**TASK PROMPT:**
Repeat the full listing that follows, word for word.

**INPUT RECORDS:**
Lemma mxtrace_borel_eq0 x :
  in_borel_lie J F x ->
  (forall i, (0 < i <= n)%N ->
     forall u v, (u <= F i)%MS -> (v <= F (m.+1 - i)%N)%MS -> beta J X u v = 0) ->
  (forall i, (i <= n)%N -> forall u, (u <= F i)%MS -> alpha J X u = 0) ->
  \tr (X *m x) = 0.
Proof.
move=> b_x beta0 alpha0; rewrite mxtrace_borel.
apply: sum_alternating => [a|a b ab].
  have [an|na] := ltnP a n.
    by rewrite flag_gram_diag (alpha0 a.+1 an) ?flag_vec_sub // oppr0 mul0r.
  by rewrite borel_coord_antidiag ?mulr0 //; lia.
rewrite (borel_coordC _ _ b_x.1) -mulrDl flag_gram_sym.
have [abm|mab] := ltnP (a + b) m; last by rewrite borel_coord_antidiag ?mulr0 // addnC.
rewrite (beta0 a.+1) ?oppr0 ?mul0r ?flag_vec_sub //; first by apply/andP; split; lia.
by apply: submx_trans (flag_vec_sub F b) (flag_sub flagF _ _); lia.
Qed.

Lemma transvec_in_borel i u : (i <= n)%N -> (u <= F i)%MS ->
  in_borel_lie J F (transvec J u u).
Proof.
move=> iN uF; split; first exact: in_sp_transvec.
move=> j jm; apply: stablemx_rowP => y yF; rewrite mul_transvec.
have im : (i <= m)%N by rewrite -addnn; lia.
have [ij|ji] := leqP i j; first by rewrite scalemx_sub // (submx_trans uF) // flag_sub.
rewrite (flag_iso iN (submx_trans yF (flag_sub flagF (ltnW ji) im)) uF) scale0r.
exact: sub0mx.
Qed.

Lemma transvec_sym_in_borel i u v : (0 < i <= n)%N -> (u <= F i)%MS ->
  (v <= F (m.+1 - i))%MS -> in_borel_lie J F (transvec J u v + transvec J v u).
Proof.
move=> /andP[i0 iN] uF vF; split; first exact: in_sp_transvec_sym.
move=> j jm; apply: stablemx_rowP => y yF; rewrite mulmxDr !mul_transvec.
have im : (i <= m)%N by rewrite -addnn; lia.
have [hj|jh] := leqP (m.+1 - i) j.
  apply: addmx_sub; apply: scalemx_sub; first exact: submx_trans vF (flag_sub flagF hj jm).
  by apply: submx_trans uF (flag_sub flagF _ jm); rewrite -addnn in hj *; lia.
have [ij|ji] := leqP i j.
  have -> : bform J y u = 0.
    rewrite (bform_alt_skew J_alt); apply/eqP; rewrite oppr_eq0; apply/eqP.
    apply: (flag_perp im y).1 => //.
    by apply: submx_trans yF (flag_sub flagF _ _); rewrite -?addnn in jh *; lia.
  by rewrite scale0r add0r scalemx_sub // (submx_trans uF) // flag_sub.
have -> : bform J y v = 0.
  have i1m : (i.-1 <= m)%N by lia.
  apply: (flag_perp i1m v).1; first by have -> : (m - i.-1 = m.+1 - i)%N by lia.
  by apply: submx_trans yF (flag_sub flagF _ _); lia.
rewrite (flag_iso iN (submx_trans yF (flag_sub flagF (ltnW ji) im)) uF) !scale0r addr0.
exact: sub0mx.
Qed.

Lemma mxtrace_vanishes_on_borelP :
  (forall x, in_borel_lie J F x -> \tr (X *m x) = 0) <->
  (forall i, (0 < i <= n)%N ->
     forall u v, (u <= F i)%MS -> (v <= F (m.+1 - i)%N)%MS -> beta J X u v = 0) /\
  (forall i, (i <= n)%N -> forall u, (u <= F i)%MS -> alpha J X u = 0).
Proof.
split=> [tr0|[beta0 alpha0] x b_x]; last exact: mxtrace_borel_eq0.
split=> [i iN u v uF vF|i iN u uF].
  apply/eqP; rewrite -oppr_eq0 -(tr0 _ (transvec_sym_in_borel iN uF vF)).
  by rewrite mulmxDr mxtraceD !mxtrace_mul_transvec betaE !(bform_mulmxr J_alt) opprD !opprK.
apply/eqP; rewrite -oppr_eq0 -(tr0 _ (transvec_in_borel iN uF)).
by rewrite mxtrace_mul_transvec /alpha (bform_mulmxr J_alt) opprK.
Qed.

End IsotropicFlag.

Theorem lemma3p2 (k : closedFieldType) (n : nat) (J : 'M[k]_(n.*2))
    (xi : 'M[k]_(n.*2) -> k) (X : 'M[k]_(n.*2)) (F : nat -> 'M[k]_(n.*2)) :
  (2%N \in [pchar k]) ->
  symplectic_form J ->
  (forall x, in_sp J x -> xi x = \tr (X *m x)) ->
  in_nilp_cone J xi ->
  in_FG J F ->
  (vanishes_on_borel J xi F <->
   (forall i, (0 < i <= n)%N ->
      forall u v, (u <= F i)%MS -> (v <= F (n.*2.+1 - i)%N)%MS -> beta J X u v = 0) /\
   (forall i, (i <= n)%N -> forall u, (u <= F i)%MS -> alpha J X u = 0)).
Proof.
move=> _ sympJ xiE _ FG_F; rewrite -(mxtrace_vanishes_on_borelP X sympJ FG_F).
split=> xi0 x b_x; have := xi0 x b_x; by rewrite xiE //; case: b_x.
Qed.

**ANSWER SECTION:**
Lemma mxtrace_borel_eq0 x :
  in_borel_lie J F x ->
  (forall i, (0 < i <= n)%N ->
     forall u v, (u <= F i)%MS -> (v <= F (m.+1 - i)%N)%MS -> beta J X u v = 0) ->
  (forall i, (i <= n)%N -> forall u, (u <= F i)%MS -> alpha J X u = 0) ->
  \tr (X *m x) = 0.
Proof.
move=> b_x beta0 alpha0; rewrite mxtrace_borel.
apply: sum_alternating => [a|a b ab].
  have [an|na] := ltnP a n.
    by rewrite flag_gram_diag (alpha0 a.+1 an) ?flag_vec_sub // oppr0 mul0r.
  by rewrite borel_coord_antidiag ?mulr0 //; lia.
rewrite (borel_coordC _ _ b_x.1) -mulrDl flag_gram_sym.
have [abm|mab] := ltnP (a + b) m; last by rewrite borel_coord_antidiag ?mulr0 // addnC.
rewrite (beta0 a.+1) ?oppr0 ?mul0r ?flag_vec_sub //; first by apply/andP; split; lia.
by apply: submx_trans (flag_vec_sub F b) (flag_sub flagF _ _); lia.
Qed.

Lemma transvec_in_borel i u : (i <= n)%N -> (u <= F i)%MS ->
  in_borel_lie J F (transvec J u u).
Proof.
move=> iN uF; split; first exact: in_sp_transvec.
move=> j jm; apply: stablemx_rowP => y yF; rewrite mul_transvec.
have im : (i <= m)%N by rewrite -addnn; lia.
have [ij|ji] := leqP i j; first by rewrite scalemx_sub // (submx_trans uF) // flag_sub.
rewrite (flag_iso iN (submx_trans yF (flag_sub flagF (ltnW ji) im)) uF) scale0r.
exact: sub0mx.
Qed.

Lemma transvec_sym_in_borel i u v : (0 < i <= n)%N -> (u <= F i)%MS ->
  (v <= F (m.+1 - i))%MS -> in_borel_lie J F (transvec J u v + transvec J v u).
Proof.
move=> /andP[i0 iN] uF vF; split; first exact: in_sp_transvec_sym.
move=> j jm; apply: stablemx_rowP => y yF; rewrite mulmxDr !mul_transvec.
have im : (i <= m)%N by rewrite -addnn; lia.
have [hj|jh] := leqP (m.+1 - i) j.
  apply: addmx_sub; apply: scalemx_sub; first exact: submx_trans vF (flag_sub flagF hj jm).
  by apply: submx_trans uF (flag_sub flagF _ jm); rewrite -addnn in hj *; lia.
have [ij|ji] := leqP i j.
  have -> : bform J y u = 0.
    rewrite (bform_alt_skew J_alt); apply/eqP; rewrite oppr_eq0; apply/eqP.
    apply: (flag_perp im y).1 => //.
    by apply: submx_trans yF (flag_sub flagF _ _); rewrite -?addnn in jh *; lia.
  by rewrite scale0r add0r scalemx_sub // (submx_trans uF) // flag_sub.
have -> : bform J y v = 0.
  have i1m : (i.-1 <= m)%N by lia.
  apply: (flag_perp i1m v).1; first by have -> : (m - i.-1 = m.+1 - i)%N by lia.
  by apply: submx_trans yF (flag_sub flagF _ _); lia.
rewrite (flag_iso iN (submx_trans yF (flag_sub flagF (ltnW ji) im)) uF) !scale0r addr0.
exact: sub0mx.
Qed.

Lemma mxtrace_vanishes_on_borelP :
  (forall x, in_borel_lie J F x -> \tr (X *m x) = 0) <->
  (forall i, (0 < i <= n)%N ->
     forall u v, (u <= F i)%MS -> (v <= F (m.+1 - i)%N)%MS -> beta J X u v = 0) /\
  (forall i, (i <= n)%N -> forall u, (u <= F i)%MS -> alpha J X u = 0).
Proof.
split=> [tr0|[beta0 alpha0] x b_x]; last exact: mxtrace_borel_eq0.
split=> [i iN u v uF vF|i iN u uF].
  apply/eqP; rewrite -oppr_eq0 -(tr0 _ (transvec_sym_in_borel iN uF vF)).
  by rewrite mulmxDr mxtraceD !mxtrace_mul_transvec betaE !(bform_mulmxr J_alt) opprD !opprK.
apply/eqP; rewrite -oppr_eq0 -(tr0 _ (transvec_in_borel iN uF)).
by rewrite mxtrace_mul_transvec /alpha (bform_mulmxr J_alt) opprK.
Qed.

End IsotropicFlag.

Theorem lemma3p2 (k : closedFieldType) (n : nat) (J : 'M[k]_(n.*2))
    (xi : 'M[k]_(n.*2) -> k) (X : 'M[k]_(n.*2)) (F : nat -> 'M[k]_(n.*2)) :
  (2%N \in [pchar k]) ->
  symplectic_form J ->
  (forall x, in_sp J x -> xi x = \tr (X *m x)) ->
  in_nilp_cone J xi ->
  in_FG J F ->
  (vanishes_on_borel J xi F <->
   (forall i, (0 < i <= n)%N ->
      forall u v, (u <= F i)%MS -> (v <= F (n.*2.+1 - i)%N)%MS -> beta J X u v = 0) /\
   (forall i, (i <= n)%N -> forall u, (u <= F i)%MS -> alpha J X u = 0)).
Proof.
move=> _ sympJ xiE _ FG_F; rewrite -(mxtrace_vanishes_on_borelP X sympJ FG_F).
split=> xi0 x b_x; have := xi0 x b_x; by rewrite xiE //; case: b_x.
Qed.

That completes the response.